*** Opening Records ***

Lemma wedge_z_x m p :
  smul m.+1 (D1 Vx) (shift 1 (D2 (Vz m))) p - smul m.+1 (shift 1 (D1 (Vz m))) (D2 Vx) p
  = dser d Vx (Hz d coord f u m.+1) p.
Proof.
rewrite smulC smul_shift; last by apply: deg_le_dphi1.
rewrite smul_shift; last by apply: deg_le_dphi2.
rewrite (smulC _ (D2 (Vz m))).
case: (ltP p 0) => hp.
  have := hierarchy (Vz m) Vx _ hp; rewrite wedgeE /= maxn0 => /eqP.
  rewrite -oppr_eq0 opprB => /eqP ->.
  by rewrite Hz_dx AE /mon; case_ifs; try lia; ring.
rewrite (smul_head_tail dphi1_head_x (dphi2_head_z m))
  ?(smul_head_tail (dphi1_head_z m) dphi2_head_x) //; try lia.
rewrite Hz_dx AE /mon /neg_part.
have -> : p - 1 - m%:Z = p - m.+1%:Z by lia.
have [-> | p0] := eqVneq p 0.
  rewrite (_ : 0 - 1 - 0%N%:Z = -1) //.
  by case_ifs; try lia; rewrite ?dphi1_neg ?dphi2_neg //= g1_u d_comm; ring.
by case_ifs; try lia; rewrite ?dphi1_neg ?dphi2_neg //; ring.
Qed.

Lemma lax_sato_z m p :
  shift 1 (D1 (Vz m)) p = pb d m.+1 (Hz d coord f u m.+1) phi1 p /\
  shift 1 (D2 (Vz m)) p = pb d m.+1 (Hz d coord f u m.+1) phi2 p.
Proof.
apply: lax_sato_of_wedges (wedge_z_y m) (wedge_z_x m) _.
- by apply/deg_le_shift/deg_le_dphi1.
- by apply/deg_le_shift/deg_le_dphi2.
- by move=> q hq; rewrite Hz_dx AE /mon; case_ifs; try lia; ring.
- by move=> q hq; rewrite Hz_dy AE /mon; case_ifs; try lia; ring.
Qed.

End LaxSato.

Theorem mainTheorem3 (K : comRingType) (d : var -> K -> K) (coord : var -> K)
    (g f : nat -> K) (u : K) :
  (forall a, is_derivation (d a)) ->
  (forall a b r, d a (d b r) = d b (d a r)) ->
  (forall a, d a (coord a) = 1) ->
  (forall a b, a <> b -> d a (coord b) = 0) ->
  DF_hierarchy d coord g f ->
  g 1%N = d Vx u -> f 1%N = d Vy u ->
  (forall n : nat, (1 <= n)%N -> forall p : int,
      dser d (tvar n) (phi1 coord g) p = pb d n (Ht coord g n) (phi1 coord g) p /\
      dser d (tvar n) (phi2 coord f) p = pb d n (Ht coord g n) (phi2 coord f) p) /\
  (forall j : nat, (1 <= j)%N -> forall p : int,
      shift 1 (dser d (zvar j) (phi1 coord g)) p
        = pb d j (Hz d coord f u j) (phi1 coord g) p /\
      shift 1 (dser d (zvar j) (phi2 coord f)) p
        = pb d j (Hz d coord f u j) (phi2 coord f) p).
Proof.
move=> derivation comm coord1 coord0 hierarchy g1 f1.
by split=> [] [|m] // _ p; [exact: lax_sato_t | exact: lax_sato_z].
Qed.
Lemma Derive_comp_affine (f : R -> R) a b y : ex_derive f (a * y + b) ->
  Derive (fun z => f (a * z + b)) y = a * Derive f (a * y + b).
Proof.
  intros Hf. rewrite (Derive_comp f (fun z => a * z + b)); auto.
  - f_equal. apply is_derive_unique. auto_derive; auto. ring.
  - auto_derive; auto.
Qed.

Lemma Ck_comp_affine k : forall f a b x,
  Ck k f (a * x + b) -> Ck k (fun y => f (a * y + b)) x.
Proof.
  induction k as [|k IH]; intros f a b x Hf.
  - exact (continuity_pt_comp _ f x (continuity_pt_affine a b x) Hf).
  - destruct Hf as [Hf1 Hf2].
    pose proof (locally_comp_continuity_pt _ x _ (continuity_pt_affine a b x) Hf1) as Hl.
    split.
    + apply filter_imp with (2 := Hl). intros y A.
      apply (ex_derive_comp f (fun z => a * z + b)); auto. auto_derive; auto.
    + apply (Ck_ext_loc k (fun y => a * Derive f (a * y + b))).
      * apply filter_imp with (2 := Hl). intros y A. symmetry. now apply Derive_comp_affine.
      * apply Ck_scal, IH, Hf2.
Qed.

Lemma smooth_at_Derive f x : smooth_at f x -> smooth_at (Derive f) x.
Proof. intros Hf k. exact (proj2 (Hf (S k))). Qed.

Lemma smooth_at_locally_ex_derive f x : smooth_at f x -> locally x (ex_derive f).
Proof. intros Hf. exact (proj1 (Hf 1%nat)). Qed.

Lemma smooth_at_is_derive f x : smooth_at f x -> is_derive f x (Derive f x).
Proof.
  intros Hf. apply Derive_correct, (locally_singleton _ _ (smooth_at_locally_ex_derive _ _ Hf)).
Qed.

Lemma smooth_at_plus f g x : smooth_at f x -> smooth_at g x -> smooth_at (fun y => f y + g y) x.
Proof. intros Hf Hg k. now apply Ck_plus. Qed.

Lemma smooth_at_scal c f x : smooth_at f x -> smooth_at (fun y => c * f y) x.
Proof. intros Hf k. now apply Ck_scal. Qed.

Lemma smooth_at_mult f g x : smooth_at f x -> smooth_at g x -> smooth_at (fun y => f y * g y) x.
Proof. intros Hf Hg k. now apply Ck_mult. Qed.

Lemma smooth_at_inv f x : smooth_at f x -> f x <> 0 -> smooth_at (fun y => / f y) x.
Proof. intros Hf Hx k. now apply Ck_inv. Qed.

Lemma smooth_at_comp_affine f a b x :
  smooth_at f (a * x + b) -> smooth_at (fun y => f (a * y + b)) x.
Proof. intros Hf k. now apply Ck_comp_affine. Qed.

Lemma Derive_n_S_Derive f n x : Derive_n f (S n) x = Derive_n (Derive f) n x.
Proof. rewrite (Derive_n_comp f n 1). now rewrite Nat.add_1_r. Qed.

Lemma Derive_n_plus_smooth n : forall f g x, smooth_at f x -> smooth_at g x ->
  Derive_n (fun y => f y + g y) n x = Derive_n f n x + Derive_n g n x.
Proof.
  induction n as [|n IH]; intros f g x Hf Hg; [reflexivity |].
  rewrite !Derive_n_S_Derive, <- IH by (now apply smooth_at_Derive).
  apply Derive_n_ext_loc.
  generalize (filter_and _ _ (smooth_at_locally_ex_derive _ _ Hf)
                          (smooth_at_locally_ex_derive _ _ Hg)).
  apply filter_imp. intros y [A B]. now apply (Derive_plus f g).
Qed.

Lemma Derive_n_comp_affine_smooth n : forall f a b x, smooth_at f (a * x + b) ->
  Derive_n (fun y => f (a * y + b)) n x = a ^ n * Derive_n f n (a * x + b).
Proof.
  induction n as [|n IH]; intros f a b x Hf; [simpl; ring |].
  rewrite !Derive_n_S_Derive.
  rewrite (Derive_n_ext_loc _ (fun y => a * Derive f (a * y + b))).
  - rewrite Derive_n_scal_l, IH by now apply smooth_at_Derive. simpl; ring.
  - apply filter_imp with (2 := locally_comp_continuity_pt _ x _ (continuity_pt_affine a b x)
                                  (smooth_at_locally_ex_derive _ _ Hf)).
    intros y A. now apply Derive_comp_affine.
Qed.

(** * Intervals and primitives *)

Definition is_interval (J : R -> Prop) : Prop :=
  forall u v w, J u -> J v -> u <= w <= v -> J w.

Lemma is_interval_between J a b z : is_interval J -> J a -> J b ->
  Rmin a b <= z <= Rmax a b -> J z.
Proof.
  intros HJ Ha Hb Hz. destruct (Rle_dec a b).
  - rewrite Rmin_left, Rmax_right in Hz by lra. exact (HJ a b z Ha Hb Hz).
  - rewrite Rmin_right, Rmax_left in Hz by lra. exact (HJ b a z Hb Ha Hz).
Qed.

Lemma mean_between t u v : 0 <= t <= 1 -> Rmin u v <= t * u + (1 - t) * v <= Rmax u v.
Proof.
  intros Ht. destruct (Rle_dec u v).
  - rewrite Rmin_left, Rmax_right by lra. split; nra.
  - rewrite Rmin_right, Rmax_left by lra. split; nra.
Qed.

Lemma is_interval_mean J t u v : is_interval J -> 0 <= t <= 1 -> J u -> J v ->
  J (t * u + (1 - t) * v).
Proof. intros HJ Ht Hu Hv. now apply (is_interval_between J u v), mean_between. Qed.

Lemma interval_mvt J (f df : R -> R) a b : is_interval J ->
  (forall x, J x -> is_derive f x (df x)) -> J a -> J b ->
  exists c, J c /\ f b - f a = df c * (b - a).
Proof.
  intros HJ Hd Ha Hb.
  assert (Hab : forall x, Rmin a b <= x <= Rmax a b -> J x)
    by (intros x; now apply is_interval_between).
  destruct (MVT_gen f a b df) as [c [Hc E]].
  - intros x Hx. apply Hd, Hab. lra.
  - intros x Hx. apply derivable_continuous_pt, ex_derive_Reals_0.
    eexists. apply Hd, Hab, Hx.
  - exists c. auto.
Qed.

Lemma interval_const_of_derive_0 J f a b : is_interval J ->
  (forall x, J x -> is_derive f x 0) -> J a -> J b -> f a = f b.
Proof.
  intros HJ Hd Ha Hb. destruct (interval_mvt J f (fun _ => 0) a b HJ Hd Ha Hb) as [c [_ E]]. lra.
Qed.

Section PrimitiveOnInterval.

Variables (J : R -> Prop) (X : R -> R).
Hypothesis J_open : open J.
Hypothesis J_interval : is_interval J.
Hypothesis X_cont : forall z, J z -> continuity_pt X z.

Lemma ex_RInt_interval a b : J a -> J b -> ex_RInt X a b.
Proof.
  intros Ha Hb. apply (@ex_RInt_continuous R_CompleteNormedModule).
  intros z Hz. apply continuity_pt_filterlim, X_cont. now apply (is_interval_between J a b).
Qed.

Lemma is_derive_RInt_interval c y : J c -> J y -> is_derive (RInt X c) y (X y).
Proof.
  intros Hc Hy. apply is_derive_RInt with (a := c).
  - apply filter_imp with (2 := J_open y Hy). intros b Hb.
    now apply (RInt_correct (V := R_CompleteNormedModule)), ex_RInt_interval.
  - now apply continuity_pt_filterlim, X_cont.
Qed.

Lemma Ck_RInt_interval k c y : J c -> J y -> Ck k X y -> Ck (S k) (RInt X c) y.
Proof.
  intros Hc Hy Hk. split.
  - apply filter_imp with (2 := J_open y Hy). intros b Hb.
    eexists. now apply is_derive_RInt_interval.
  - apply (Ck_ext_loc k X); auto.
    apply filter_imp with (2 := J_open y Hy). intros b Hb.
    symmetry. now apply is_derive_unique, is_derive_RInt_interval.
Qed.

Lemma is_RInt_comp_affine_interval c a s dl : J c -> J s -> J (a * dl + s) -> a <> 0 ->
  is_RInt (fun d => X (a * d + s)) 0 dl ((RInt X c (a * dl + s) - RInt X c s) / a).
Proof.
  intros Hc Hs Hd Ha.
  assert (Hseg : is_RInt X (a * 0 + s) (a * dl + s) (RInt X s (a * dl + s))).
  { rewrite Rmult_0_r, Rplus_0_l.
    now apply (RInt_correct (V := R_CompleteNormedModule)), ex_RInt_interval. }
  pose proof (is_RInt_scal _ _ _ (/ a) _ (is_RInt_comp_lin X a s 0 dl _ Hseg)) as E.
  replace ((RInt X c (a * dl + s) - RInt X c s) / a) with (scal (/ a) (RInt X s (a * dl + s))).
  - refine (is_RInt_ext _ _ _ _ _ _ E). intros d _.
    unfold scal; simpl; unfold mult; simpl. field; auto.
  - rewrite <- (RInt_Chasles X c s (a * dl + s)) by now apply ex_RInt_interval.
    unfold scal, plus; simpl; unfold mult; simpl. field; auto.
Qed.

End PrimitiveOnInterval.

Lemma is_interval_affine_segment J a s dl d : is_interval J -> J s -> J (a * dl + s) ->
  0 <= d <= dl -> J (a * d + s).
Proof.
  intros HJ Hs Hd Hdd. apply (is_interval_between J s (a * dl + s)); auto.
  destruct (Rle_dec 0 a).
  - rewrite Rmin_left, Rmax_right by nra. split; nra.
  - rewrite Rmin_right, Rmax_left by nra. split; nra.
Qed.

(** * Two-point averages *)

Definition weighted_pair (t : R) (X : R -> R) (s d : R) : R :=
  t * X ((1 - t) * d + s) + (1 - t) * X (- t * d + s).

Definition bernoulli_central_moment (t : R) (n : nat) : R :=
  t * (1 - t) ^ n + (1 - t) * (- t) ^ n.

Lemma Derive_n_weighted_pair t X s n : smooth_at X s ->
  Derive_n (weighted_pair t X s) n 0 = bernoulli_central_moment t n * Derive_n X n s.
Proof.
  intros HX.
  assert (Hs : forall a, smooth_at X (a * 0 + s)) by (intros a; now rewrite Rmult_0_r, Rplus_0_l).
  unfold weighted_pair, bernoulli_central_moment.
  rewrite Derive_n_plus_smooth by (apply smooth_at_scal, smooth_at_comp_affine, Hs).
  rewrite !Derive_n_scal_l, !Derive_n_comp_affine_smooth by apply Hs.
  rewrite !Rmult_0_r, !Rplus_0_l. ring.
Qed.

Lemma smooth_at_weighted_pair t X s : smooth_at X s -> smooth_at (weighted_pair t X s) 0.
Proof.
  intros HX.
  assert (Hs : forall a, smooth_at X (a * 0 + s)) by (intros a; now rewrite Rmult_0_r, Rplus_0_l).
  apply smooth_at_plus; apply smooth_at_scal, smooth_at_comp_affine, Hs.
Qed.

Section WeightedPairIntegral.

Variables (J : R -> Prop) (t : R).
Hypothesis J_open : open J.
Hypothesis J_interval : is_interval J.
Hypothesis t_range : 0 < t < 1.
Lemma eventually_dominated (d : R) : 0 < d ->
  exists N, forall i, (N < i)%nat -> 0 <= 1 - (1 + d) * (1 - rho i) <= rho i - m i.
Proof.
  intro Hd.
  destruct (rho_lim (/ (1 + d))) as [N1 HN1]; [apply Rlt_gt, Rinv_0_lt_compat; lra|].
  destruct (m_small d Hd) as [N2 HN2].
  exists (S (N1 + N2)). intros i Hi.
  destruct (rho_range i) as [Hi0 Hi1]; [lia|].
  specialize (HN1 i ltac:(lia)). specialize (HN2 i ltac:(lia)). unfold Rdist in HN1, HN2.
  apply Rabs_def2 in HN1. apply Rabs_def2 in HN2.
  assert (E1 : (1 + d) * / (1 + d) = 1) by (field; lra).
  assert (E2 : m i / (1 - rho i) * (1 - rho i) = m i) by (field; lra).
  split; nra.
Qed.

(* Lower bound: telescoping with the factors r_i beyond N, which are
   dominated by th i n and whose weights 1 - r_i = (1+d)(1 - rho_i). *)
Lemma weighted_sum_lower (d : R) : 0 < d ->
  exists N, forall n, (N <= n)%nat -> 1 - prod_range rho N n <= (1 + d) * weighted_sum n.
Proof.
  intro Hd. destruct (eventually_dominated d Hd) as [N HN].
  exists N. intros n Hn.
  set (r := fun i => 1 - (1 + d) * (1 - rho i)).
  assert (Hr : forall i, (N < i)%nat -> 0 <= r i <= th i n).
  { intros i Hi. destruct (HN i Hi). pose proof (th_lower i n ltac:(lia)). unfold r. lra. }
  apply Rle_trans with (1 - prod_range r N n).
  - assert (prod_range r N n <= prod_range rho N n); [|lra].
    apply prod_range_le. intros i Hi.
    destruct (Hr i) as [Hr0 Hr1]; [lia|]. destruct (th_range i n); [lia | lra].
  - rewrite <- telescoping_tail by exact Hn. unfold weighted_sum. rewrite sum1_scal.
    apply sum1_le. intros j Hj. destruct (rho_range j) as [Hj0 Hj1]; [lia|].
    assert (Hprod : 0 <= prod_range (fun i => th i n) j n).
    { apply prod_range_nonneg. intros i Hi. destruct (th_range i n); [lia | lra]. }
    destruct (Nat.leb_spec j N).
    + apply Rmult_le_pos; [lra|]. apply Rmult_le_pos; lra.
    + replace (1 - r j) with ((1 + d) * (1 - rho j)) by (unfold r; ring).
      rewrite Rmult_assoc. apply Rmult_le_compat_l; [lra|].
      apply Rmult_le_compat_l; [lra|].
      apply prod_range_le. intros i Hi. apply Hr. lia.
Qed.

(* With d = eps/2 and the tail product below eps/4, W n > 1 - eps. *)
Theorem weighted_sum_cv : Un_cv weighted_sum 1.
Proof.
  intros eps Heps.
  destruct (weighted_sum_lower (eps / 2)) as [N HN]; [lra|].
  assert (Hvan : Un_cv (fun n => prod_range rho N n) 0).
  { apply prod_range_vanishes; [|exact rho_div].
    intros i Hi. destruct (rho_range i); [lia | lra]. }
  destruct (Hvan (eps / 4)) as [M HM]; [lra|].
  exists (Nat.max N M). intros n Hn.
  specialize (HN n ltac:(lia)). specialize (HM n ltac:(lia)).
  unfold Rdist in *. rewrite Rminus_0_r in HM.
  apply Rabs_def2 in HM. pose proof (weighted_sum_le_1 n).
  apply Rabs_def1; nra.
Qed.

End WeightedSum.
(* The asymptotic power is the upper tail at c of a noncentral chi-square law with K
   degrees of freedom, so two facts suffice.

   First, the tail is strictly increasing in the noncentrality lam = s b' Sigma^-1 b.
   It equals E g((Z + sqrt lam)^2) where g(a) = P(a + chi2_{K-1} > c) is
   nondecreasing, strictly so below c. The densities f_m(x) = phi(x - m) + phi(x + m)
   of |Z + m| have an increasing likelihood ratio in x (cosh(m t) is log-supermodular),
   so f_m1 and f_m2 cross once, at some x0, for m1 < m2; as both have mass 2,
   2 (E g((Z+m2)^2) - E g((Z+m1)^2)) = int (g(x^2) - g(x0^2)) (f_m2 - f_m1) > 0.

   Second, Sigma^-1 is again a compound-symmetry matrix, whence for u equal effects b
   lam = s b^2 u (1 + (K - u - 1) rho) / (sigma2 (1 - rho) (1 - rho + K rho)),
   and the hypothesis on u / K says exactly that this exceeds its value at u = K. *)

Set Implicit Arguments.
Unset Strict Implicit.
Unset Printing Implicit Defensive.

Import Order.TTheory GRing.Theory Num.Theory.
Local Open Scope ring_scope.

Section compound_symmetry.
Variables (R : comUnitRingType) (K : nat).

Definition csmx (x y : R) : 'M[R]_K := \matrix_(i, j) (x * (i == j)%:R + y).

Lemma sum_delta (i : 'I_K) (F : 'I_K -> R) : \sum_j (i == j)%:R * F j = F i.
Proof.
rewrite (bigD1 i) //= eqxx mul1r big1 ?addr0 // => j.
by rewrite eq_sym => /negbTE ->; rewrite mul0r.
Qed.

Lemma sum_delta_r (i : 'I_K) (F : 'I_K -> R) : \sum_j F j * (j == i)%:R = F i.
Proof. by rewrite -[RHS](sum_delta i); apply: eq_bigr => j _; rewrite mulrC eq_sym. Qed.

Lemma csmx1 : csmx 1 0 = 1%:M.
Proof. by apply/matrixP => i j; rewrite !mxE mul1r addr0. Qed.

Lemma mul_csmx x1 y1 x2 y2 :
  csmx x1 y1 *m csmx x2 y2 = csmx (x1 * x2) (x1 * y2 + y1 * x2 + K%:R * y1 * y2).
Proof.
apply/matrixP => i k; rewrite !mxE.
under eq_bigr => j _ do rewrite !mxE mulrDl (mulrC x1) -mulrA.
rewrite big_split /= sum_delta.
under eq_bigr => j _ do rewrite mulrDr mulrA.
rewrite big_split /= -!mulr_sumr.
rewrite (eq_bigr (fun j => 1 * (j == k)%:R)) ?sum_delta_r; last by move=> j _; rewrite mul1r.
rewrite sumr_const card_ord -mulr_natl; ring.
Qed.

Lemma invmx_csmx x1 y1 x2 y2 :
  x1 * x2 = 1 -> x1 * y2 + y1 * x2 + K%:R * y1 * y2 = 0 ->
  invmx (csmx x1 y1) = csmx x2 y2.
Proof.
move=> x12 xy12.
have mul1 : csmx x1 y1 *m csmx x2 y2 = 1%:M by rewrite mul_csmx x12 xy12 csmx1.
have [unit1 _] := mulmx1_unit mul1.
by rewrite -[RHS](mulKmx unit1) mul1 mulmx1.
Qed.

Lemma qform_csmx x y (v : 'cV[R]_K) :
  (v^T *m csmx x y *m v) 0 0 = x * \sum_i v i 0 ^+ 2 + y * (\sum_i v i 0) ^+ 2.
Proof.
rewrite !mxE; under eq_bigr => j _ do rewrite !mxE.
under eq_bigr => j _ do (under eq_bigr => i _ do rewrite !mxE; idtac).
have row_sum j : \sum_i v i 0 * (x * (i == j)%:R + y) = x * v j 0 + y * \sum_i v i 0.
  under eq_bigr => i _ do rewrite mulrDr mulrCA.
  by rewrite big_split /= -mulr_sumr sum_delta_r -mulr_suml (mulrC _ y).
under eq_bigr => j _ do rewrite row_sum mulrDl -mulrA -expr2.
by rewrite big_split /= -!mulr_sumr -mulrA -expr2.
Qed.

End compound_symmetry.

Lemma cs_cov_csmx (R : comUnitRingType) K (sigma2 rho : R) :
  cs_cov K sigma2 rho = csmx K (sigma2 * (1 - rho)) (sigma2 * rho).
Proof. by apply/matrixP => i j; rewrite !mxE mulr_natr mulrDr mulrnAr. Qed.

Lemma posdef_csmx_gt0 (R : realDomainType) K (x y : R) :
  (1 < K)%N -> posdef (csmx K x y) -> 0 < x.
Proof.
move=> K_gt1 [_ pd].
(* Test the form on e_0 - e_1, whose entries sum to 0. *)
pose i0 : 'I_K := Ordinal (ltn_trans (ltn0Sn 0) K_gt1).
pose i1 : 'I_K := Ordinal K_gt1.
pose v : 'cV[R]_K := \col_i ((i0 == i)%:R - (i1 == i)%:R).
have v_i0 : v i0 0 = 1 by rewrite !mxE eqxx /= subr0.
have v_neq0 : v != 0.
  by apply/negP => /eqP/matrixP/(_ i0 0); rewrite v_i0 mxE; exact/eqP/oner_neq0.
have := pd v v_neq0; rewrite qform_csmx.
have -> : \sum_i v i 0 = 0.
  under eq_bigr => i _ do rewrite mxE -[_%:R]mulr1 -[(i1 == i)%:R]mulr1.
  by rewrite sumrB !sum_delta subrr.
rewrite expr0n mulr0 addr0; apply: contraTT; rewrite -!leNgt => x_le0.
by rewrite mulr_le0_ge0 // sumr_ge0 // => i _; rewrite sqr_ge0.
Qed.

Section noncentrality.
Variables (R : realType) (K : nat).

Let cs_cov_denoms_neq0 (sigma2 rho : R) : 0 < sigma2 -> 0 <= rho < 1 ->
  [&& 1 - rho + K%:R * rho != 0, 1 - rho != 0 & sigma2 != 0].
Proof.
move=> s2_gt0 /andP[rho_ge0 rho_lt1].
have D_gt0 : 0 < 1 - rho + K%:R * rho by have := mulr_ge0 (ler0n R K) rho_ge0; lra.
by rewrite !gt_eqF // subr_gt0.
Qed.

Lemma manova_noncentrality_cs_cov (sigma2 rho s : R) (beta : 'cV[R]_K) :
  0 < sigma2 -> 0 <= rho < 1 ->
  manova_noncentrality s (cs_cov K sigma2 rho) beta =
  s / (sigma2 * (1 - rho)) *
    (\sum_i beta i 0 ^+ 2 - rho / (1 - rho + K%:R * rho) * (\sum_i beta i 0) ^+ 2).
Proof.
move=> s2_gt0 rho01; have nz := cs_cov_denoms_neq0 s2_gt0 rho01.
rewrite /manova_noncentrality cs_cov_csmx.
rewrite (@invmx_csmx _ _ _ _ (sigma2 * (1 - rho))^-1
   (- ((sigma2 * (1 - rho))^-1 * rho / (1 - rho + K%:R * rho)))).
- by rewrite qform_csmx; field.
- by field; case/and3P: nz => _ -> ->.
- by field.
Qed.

*** Closing Records ***

* [Directions]:
Look above for the line with "(forall a, is_derivation (d a)) ->" and the line with "(forall n : nat, (1". Write out those two lines and all the lines between them, exactly, and no others.

* [Answer to the problem]:
  (forall a, is_derivation (d a)) ->
  (forall a b r, d a (d b r) = d b (d a r)) ->
  (forall a, d a (coord a) = 1) ->
  (forall a b, a <> b -> d a (coord b) = 0) ->
  DF_hierarchy d coord g f ->
  g 1%N = d Vx u -> f 1%N = d Vy u ->
  (forall n : nat, (1 <= n)%N -> forall p : int,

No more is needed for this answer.